The motto of the place was Live Life Lovingly. Who could argue against that?

My sister and I started going to the ‘young people’s church’ that was part of the Truth Center. (As an illustration of the kind of place it was, they used bible parables as teaching tools, but left it completely up to the individual as to whether those parables were based in fact or just useful examples to inspire good behaviour.

I noticed that some of the other kinds in my class at the Young People’s Church ‘believed’ more than I did. It was no big deal, but it was noticeable. I was drifting away… I just didn’t realize it yet.
Turning point #1: We were asked to write a paragraph about a time we were facing an obstacle and used the teachings from the bible to help us get through it. I had a momentary quandary. They were asking for a REAL time we had done this and, quite frankly, I never had. Church stuff was left to Sundays and never really crossed-over into the rest of my life. I am not saying I never learned anything useful or important there – far from it – but I wasn’t a very… active believer.

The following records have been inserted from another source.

(* (Explicit Rayleigh's Cutting Law.) Let $\Gamma$ be a metrized graph and let $e_i$ be an edge of $\Gamma$ with end points $p_i,q_i$ and length $L_i$. If $e_i$ is not a bridge of $\Gamma$, then for any $s,t\in\Gamma-e_i$, $$r(s,t)=r_{\Gamma-e_i}(s,t)-\frac{1}{L_i+R_i}\big(j^{\Gamma-e_i}_{p_i}(q_i,s)-j^{\Gamma-e_i}_{p_i}(q_i,t)\big)^2=r_{\Gamma-e_i}(s,t)-\frac{L_i+R_i}{L_i^2}\big(j_{p_i}(q_i,s)-j_{p_i}(q_i,t)\big)^2.$$ In particular $r_{\Gamma-e_i}(s,t)\ge r(s,t)$, and equality holds if and only if $j_{p_i}(q_i,s)=j_{p_i}(q_i,t)$.
   Context: A metrized graph $\Gamma$ is a finite connected graph (multiple edges and self-loops allowed) in which each edge is identified with a closed line segment of positive length. $\Gamma$ is regarded as a resistive electric circuit in which each edge is a resistor whose resistance equals its length. $r(x,y)$ is the effective resistance between $x$ and $y$; $j_z(x,y)$ is the voltage at $x$ when a unit current enters at $y$ and exits at $z$, with reference voltage $0$ at $z$. $\Gamma-e_i$ denotes the metrized graph obtained from $\Gamma$ by deleting the interior of the edge $e_i$; $e_i$ is a bridge if $\Gamma-e_i$ is disconnected. When $e_i$ is not a bridge, $R_i:=r_{\Gamma-e_i}(p_i,q_i)$. Subscripts/superscripts $\Gamma-e_i$ indicate resistance and voltage functions on $\Gamma-e_i$. *)

(* finite multigraph models of metrized graphs, electrical
   network quantities defined via the discrete Kirchhoff equations. *)
From HB Require Import structures.
From mathcomp Require Import all_boot all_order all_algebra.
From Stdlib Require Import ClassicalEpsilon.
Set Implicit Arguments. Unset Strict Implicit. Unset Printing Implicit Defensive.
Import Order.TTheory GRing.Theory Num.Theory.
Local Open Scope ring_scope.

Section MetrizedGraph.
Variables (R : realFieldType) (V E : finType).
Variables (pe qe : E -> V) (len : E -> R).

Definition adjS (S : {set E}) : rel V :=
  fun x y => [exists e in S, ((pe e == x) && (qe e == y)) || ((pe e == y) && (qe e == x))].

Definition connectedS (S : {set E}) : Prop := forall x y : V, connect (adjS S) x y.

Definition is_bridge (S : {set E}) (e : E) : Prop := ~ connectedS (S :\ e).

(* net current flowing out of vertex v into the edges of S under potential phi
   (the current through a resistor of resistance len e is the voltage drop
   divided by len e; self-loops carry no current) *)
Definition outflow (S : {set E}) (phi : V -> R) (v : V) : R :=
  \sum_(e in S) ((pe e == v)%:R * (phi (pe e) - phi (qe e)) / len e
                 + (qe e == v)%:R * (phi (qe e) - phi (pe e)) / len e).

(* phi is the potential when a unit current enters at y and exits at z,
   with reference voltage 0 at z *)
Definition is_voltage (S : {set E}) (z y : V) (phi : V -> R) : Prop :=
  phi z = 0 /\ forall v, outflow S phi v = (v == y)%:R - (v == z)%:R.

(* j_z(x,y) on the graph with edge set S *)
Definition jS (S : {set E}) (z x y : V) : R :=
  epsilon (inhabits (fun _ => 0)) (is_voltage S z y) x.

Definition rS (S : {set E}) (x y : V) : R := jS S y x x.

End MetrizedGraph.

From HB Require Import structures.
From mathcomp Require Import all_boot all_order all_algebra.
From mathcomp Require Import ring lra.
From Stdlib Require Import ClassicalEpsilon.
Set Implicit Arguments. Unset Strict Implicit. Unset Printing Implicit Defensive.
Import Order.TTheory GRing.Theory Num.Theory.
Local Open Scope ring_scope.

(* By Green's identity, the potential phi of a unit current from y to z represents the
   functional f |-> f y - f z for the Dirichlet form [energy S].  The Dirichlet forms of
   Γ and Γ - e_i differ only by the term of e_i, so testing the potentials of the two
   current problems q_i -> p_i and s -> t on both graphs against each other gives two
   linear relations between X = j'(s) - j'(t), Y = j(s) - j(t) and the resistances:
   (L_i + R_i) Y = L_i X  and  r'(s,t) = r(s,t) + X Y / L_i.  Eliminating X or Y yields
   the two forms of the cutting law. *)

Section KernelSurjective.
Variables (F : fieldType) (V : finType).

Lemma sum_kernel_surj (M : V -> V -> F) :
    (forall phi : V -> F, (forall v, \sum_u phi u * M u v = 0) -> forall u, phi u = 0) ->
  forall rho : V -> F, exists phi : V -> F, forall v, \sum_u phi u * M u v = rho v.
Proof.
move=> inj rho.
pose A : 'M[F]_#|V| := \matrix_(i, j) M (enum_val i) (enum_val j).
have mulA (w : 'rV_#|V|) v :
    (w *m A) 0 (enum_rank v) = \sum_u w 0 (enum_rank u) * M u v.
  rewrite mxE [RHS](big_enum_val (A := predT)) /=.
  by apply: eq_bigr => i _; rewrite enum_valK mxE enum_rankK.
have Aunit : A \in unitmx.
  rewrite -row_free_unit; apply: inj_row_free => x xA0; apply/rowP => i.
  rewrite -[i]enum_valK mxE; apply: (inj (fun u => x 0 (enum_rank u))) => v.
  by rewrite -mulA xA0 mxE.
pose w := \row_i rho (enum_val i) *m invmx A.
exists (fun v => w 0 (enum_rank v)) => v.
by rewrite -mulA mulmxKV // mxE enum_rankK.
Qed.

End KernelSurjective.

Section Network.
Variables (R : realFieldType) (V E : finType).
Variables (pe qe : E -> V) (len : E -> R).
Hypothesis len_pos : forall e, 0 < len e.

Definition dipole (y z v : V) : R := (v == y)%:R - (v == z)%:R.

Definition vdrop (phi : V -> R) (e : E) : R := phi (pe e) - phi (qe e).

Definition energy (S : {set E}) (f g : V -> R) : R :=
  \sum_(e in S) vdrop f e * vdrop g e / len e.

Definition laplacian (S : {set E}) (u v : V) : R :=
  \sum_(e in S) dipole (pe e) (qe e) u * dipole (pe e) (qe e) v / len e.

Lemma sum_mul_eq (f : V -> R) x : \sum_v f v * (v == x)%:R = f x.
Proof.
under eq_bigr do rewrite mulr_natr mulrb.
by rewrite -big_mkcond big_pred1_eq.
Qed.

Lemma sum_mul_dipole (f : V -> R) y z : \sum_v f v * dipole y z v = f y - f z.
Proof.
by under eq_bigr do rewrite mulrBr; rewrite sumrB !sum_mul_eq.
Qed.

Lemma vdropE f e : vdrop f e = \sum_v f v * dipole (pe e) (qe e) v.
Proof. by rewrite sum_mul_dipole. Qed.

Lemma sum_dipole y z : \sum_v dipole y z v = 0.
Proof.
under eq_bigr do rewrite -[dipole _ _ _]mul1r.
by rewrite sum_mul_dipole subrr.
Qed.

Lemma outflowE S phi v :
  outflow pe qe len S phi v = \sum_(e in S) dipole (pe e) (qe e) v * vdrop phi e / len e.
Proof. by apply: eq_bigr => e _; rewrite /dipole /vdrop !(eq_sym v); ring. Qed.

Lemma outflow_laplacian S phi v :
  outflow pe qe len S phi v = \sum_u phi u * laplacian S u v.
Proof.
under [RHS]eq_bigr do rewrite big_distrr.
rewrite outflowE exchange_big; apply: eq_bigr => e _ /=.
rewrite vdropE big_distrr big_distrl; apply: eq_bigr => u _ /=; ring.
Qed.

Lemma sum_mul_outflow S f phi : \sum_v f v * outflow pe qe len S phi v = energy S f phi.
Proof.
under eq_bigr do rewrite outflowE big_distrr.
rewrite exchange_big; apply: eq_bigr => e _ /=.
rewrite (vdropE f) !big_distrl; apply: eq_bigr => v _ /=; ring.
Qed.

Lemma sum_outflow S phi : \sum_v outflow pe qe len S phi v = 0.
Proof.
under eq_bigr do rewrite -[outflow _ _ _ _ _ _]mul1r.
by rewrite sum_mul_outflow /energy big1 // => e _; rewrite /vdrop subrr !mul0r.
Qed.

Lemma outflow_eq_off S phi (rho : V -> R) z :
    \sum_v rho v = 0 -> (forall v, v != z -> outflow pe qe len S phi v = rho v) ->
  forall v, outflow pe qe len S phi v = rho v.
Proof.
move=> rho0 phi_rho v; case: (eqVneq v z) => [->|]; last exact: phi_rho.
have := sum_outflow S phi.
rewrite (bigD1 z) //= (eq_bigr rho) // => /eqP; rewrite addr_eq0 => /eqP ->.
by move/eqP: rho0; rewrite (bigD1 z) //= addr_eq0 => /eqP ->.
Qed.

Lemma energyC S f g : energy S f g = energy S g f.
Proof. by apply: eq_bigr => e _; rewrite (mulrC (vdrop f e)). Qed.

Lemma energy_ge0 S f : 0 <= energy S f f.
Proof.
apply: sumr_ge0 => e _; rewrite -expr2.
by apply: mulr_ge0; [exact: sqr_ge0 | rewrite invr_ge0 ltW].
Qed.

Lemma energy_setD1 (S : {set E}) (e : E) (f g : V -> R) : e \in S ->
  energy S f g = energy (S :\ e) f g + vdrop f e * vdrop g e / len e.
Proof. by move=> eS; rewrite /energy (big_setD1 e eS) /= addrC. Qed.

Lemma energy_eq0_vdrop S f : energy S f f = 0 -> {in S, forall e, vdrop f e = 0}.
Proof.
move=> f0 e eS; have term_ge0 i : i \in S -> 0 <= vdrop f i * vdrop f i / len i.
  by move=> _; rewrite -expr2; apply: mulr_ge0; [exact: sqr_ge0 | rewrite invr_ge0 ltW].
have /eqP := psumr_eq0P term_ge0 f0 eS.
by rewrite -expr2 mulf_eq0 invr_eq0 (gt_eqF (len_pos e)) orbF sqrf_eq0 => /eqP.
Qed.

Lemma vdrop0_const S f : connectedS pe qe S -> {in S, forall e, vdrop f e = 0} ->
  forall x y, f x = f y.
Proof.
move=> conn f0 x y; have /connectP [p pth ->] := conn x y.
elim: p x pth => [|w p IH] x //= /andP [/existsP [e /andP [eS exw]] pth].
rewrite -(IH w pth); apply/eqP; rewrite -subr_eq0.
have := f0 e eS; rewrite /vdrop.
by case/orP: exw => /andP [/eqP -> /eqP ->] => [-> | ]; rewrite // -oppr_eq0 opprB => ->.
Qed.

Lemma harmonic_const S phi : connectedS pe qe S ->
  (forall v, outflow pe qe len S phi v = 0) -> forall x y, phi x = phi y.
Proof.
move=> conn phi0; apply: (vdrop0_const conn); apply: energy_eq0_vdrop.
by rewrite -sum_mul_outflow big1 // => v _; rewrite phi0 mulr0.
Qed.

Lemma exists_voltage S z y :
  connectedS pe qe S -> exists phi, is_voltage pe qe len S z y phi.
Proof.
move=> conn.
(* The Kirchhoff system with its equation at [z] replaced by the grounding condition
   [phi z = 0]; that equation is recovered afterwards by [outflow_eq_off]. *)
pose M u v := if v == z then (u == z)%:R else laplacian S u v.
have Mz phi : \sum_u phi u * M u z = phi z.
  by rewrite /M eqxx sum_mul_eq.
have Mv phi v : v != z -> \sum_u phi u * M u v = outflow pe qe len S phi v.
  by move/negbTE=> vz; rewrite outflow_laplacian /M vz.
have [|phi phi_sol] :=
  sum_kernel_surj (M := M) _ (fun v => if v == z then 0 else dipole y z v).
  move=> phi phi0.
  have outflow0 v : outflow pe qe len S phi v = 0.
    by apply: (outflow_eq_off (rho := fun=> 0) (z := z)) => [|u uz]; rewrite ?big1 // -Mv.
  by move=> u; rewrite (harmonic_const conn outflow0 u z) -Mz phi0.
exists phi; split; first by rewrite -(Mz phi) (phi_sol z) eqxx.
apply: (outflow_eq_off (z := z) (sum_dipole y z)) => u uz.
by rewrite -Mv // phi_sol (negbTE uz).
Qed.

Lemma energy_voltage S z y phi f : is_voltage pe qe len S z y phi ->
  energy S f phi = f y - f z.
Proof.
case=> _ phi_out; rewrite -sum_mul_outflow -(sum_mul_dipole f).
by under eq_bigr do rewrite phi_out.
Qed.

Lemma voltage_reciprocity S z y1 y2 phi1 phi2 :
    is_voltage pe qe len S z y1 phi1 -> is_voltage pe qe len S z y2 phi2 ->
  phi1 y2 = phi2 y1.
Proof.
move=> V1 V2; have := energy_voltage phi1 V2; rewrite energyC (energy_voltage _ V1).
by case: V1 => -> _; case: V2 => -> _; rewrite !subr0.
Qed.

Lemma voltage_sym S z y phi psi :
    is_voltage pe qe len S z y phi -> is_voltage pe qe len S y z psi -> phi y = psi z.
Proof.
move=> Vphi Vpsi; have := energy_voltage phi Vpsi; rewrite energyC (energy_voltage _ Vphi).
by case: Vphi => -> _; case: Vpsi => -> _; rewrite !sub0r => /oppr_inj.
Qed.

Lemma voltage_source_ge0 S z y phi : is_voltage pe qe len S z y phi -> 0 <= phi y.
Proof.
move=> Vphi; have := energy_ge0 S phi.
by rewrite (energy_voltage _ Vphi); case: Vphi => ->; rewrite subr0.
Qed.

Lemma vdrop_voltage_reciprocity S e t s b u :
    is_voltage pe qe len S (pe e) (qe e) b -> is_voltage pe qe len S t s u ->
  vdrop u e = b t - b s.
Proof.
move=> Vb Vu; rewrite -(opprB (b s)) -(energy_voltage _ Vu) energyC.
by rewrite (energy_voltage _ Vb) opprB.
Qed.

Section Cut.
Variables (S : {set E}) (e : E) (s t : V) (a b u u' : V -> R).
Hypothesis eS : e \in S.
Hypotheses (Va : is_voltage pe qe len (S :\ e) (pe e) (qe e) a)
           (Vb : is_voltage pe qe len S (pe e) (qe e) b)
           (Vu : is_voltage pe qe len S t s u)
           (Vu' : is_voltage pe qe len (S :\ e) t s u').

Lemma cut_voltage_gap :
  (b s - b t) * (len e + a (qe e)) = len e * (a s - a t).
Proof.
have := energy_voltage a Vu; rewrite (energy_setD1 _ _ eS) energyC (energy_voltage _ Va).
rewrite -(opprB (u (pe e))) -/(vdrop u e) (vdrop_voltage_reciprocity Vb Vu).
have -> : vdrop a e = - a (qe e) by case: Va => a0 _; rewrite /vdrop a0 sub0r.
by move=> <-; field; exact: lt0r_neq0.
Qed.

Lemma cut_resistance : u' s = u s + (a s - a t) * (b s - b t) / len e.
Proof.
have := energy_voltage u' Vu; rewrite (energy_setD1 _ _ eS) energyC (energy_voltage _ Vu').
rewrite (vdrop_voltage_reciprocity Va Vu') (vdrop_voltage_reciprocity Vb Vu).
by case: Vu => -> _; case: Vu' => -> _; rewrite !subr0 => <-; ring.
Qed.

End Cut.

Lemma jS_voltage S z y : connectedS pe qe S ->
  is_voltage pe qe len S z y (fun x => jS pe qe len S z x y).
Proof.
by move=> conn; apply: (epsilon_spec (inhabits (fun=> 0))); exact: exists_voltage.
Qed.

Lemma jS_sym S z x y :
  connectedS pe qe S -> jS pe qe len S z x y = jS pe qe len S z y x.
Proof.
by move=> conn; exact: voltage_reciprocity (jS_voltage z y conn) (jS_voltage z x conn).
Qed.

Lemma connected_setD1 S e : ~ is_bridge pe qe S e -> connectedS pe qe (S :\ e).
Proof.
by move=> nobridge x y; apply/idPn => nxy; apply: nobridge => /(_ x y); apply/negP.
Qed.

End Network.

Lemma cutting_identities (R : realFieldType) (L Rv X Y r r' : R) :
    0 < L -> 0 <= Rv -> Y * (L + Rv) = L * X -> r' = r + X * Y / L ->
  [/\ r = r' - 1 / (L + Rv) * X ^+ 2, r = r' - (L + Rv) / L ^+ 2 * Y ^+ 2,
      r <= r' & (r' = r <-> Y = 0)].
Proof.
move=> L_gt0 Rv_ge0 gap ->.
have LRv_gt0 : 0 < L + Rv by lra.
have [L_neq0 LRv_neq0] := (lt0r_neq0 L_gt0, lt0r_neq0 LRv_gt0).
have Y_def : Y = L * X / (L + Rv) by rewrite -gap mulfK.
have XY_X : X * Y / L = 1 / (L + Rv) * X ^+ 2.
  by rewrite Y_def; field; rewrite L_neq0 LRv_neq0.
have XY_Y : X * Y / L = (L + Rv) / L ^+ 2 * Y ^+ 2.
  by rewrite Y_def; field; rewrite L_neq0 LRv_neq0.
split.
- by rewrite XY_X addrK.
- by rewrite XY_Y addrK.
- by rewrite XY_X lerDl mulr_ge0 ?sqr_ge0 ?divr_ge0 ?ltW.
- rewrite XY_X -{2}(addr0 r); split => [/addrI/eqP | Y0].
    rewrite mulf_eq0 div1r invr_eq0 (negbTE LRv_neq0) sqrf_eq0 Y_def => /eqP ->.
    by rewrite mulr0 mul0r.
  have /eqP : L * X = 0 by rewrite -gap Y0 mul0r.
  by rewrite mulf_eq0 (negbTE L_neq0) => /eqP ->; rewrite expr0n mulr0.
Qed.

Theorem theorem3p1 (R : realFieldType) (V E : finType)
    (pe qe : E -> V) (len : E -> R)
    (len_pos : forall e, 0 < len e)
    (Gconn : connectedS pe qe [set: E])
    (ei : E) (nobridge : ~ is_bridge pe qe [set: E] ei)
    (s t : V) :
  let G := [set: E] in
  let G' := [set: E] :\ ei in
  let r := rS pe qe len G in
  let r' := rS pe qe len G' in
  let j := jS pe qe len G in
  let j' := jS pe qe len G' in
  let Li := len ei in
  let Ri := r' (pe ei) (qe ei) in
  [/\ r s t = r' s t - 1 / (Li + Ri) * (j' (pe ei) (qe ei) s - j' (pe ei) (qe ei) t) ^+ 2,
      r s t = r' s t - (Li + Ri) / Li ^+ 2 * (j (pe ei) (qe ei) s - j (pe ei) (qe ei) t) ^+ 2,
      r s t <= r' s t
    & (r' s t = r s t <-> j (pe ei) (qe ei) s = j (pe ei) (qe ei) t)].
Proof.
move=> G G' r r' j j' Li Ri.
have G'conn : connectedS pe qe G' := connected_setD1 nobridge.
have eiG : ei \in G by rewrite in_setT.
have Va := jS_voltage len_pos (pe ei) (qe ei) G'conn.
have Vb := jS_voltage len_pos (pe ei) (qe ei) Gconn.
have Vu := jS_voltage len_pos t s Gconn.
have Vu' := jS_voltage len_pos t s G'conn.
have -> : Ri = j' (pe ei) (qe ei) (qe ei).
  exact: voltage_sym (jS_voltage len_pos (qe ei) (pe ei) G'conn) Va.
rewrite /j /j' (jS_sym len_pos _ _ s Gconn) (jS_sym len_pos _ _ t Gconn).
rewrite (jS_sym len_pos _ _ s G'conn) (jS_sym len_pos _ _ t G'conn).
have [? ? ? eq_rr'] :=
  cutting_identities (len_pos ei) (voltage_source_ge0 len_pos Va)
    (cut_voltage_gap len_pos eiG Va Vb Vu) (cut_resistance eiG Va Vb Vu Vu').
split=> //; apply: (iff_trans eq_rr').
by split=> [/subr0_eq | ->]; last exact: subrr.
Qed.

Simple answer to a simple problem: I made something up. The creative process was something that interested me anyway so I invented a little story that fit the assignment. It was something to do with an exam at school and believing in yourself, I think. It was also a complete fabrication.

The next week I was informed by our teacher that he was so impressed by my assignment that they were going to take it and read it in ‘big people’s church’ – to the main congregation.

Uh, yeah. About that…

Did it bother me that my words were going to be presented to the whole church as if they were truth when it fact it was a straight up lie? Not really. I figured that if we could read bible parables and not care whether they were real, then why did it matter if what I said was true or not?

My attitude got me thinking about the ‘whole thing’. Why didn’t it bother me? Why didn’t I care more about lying in church?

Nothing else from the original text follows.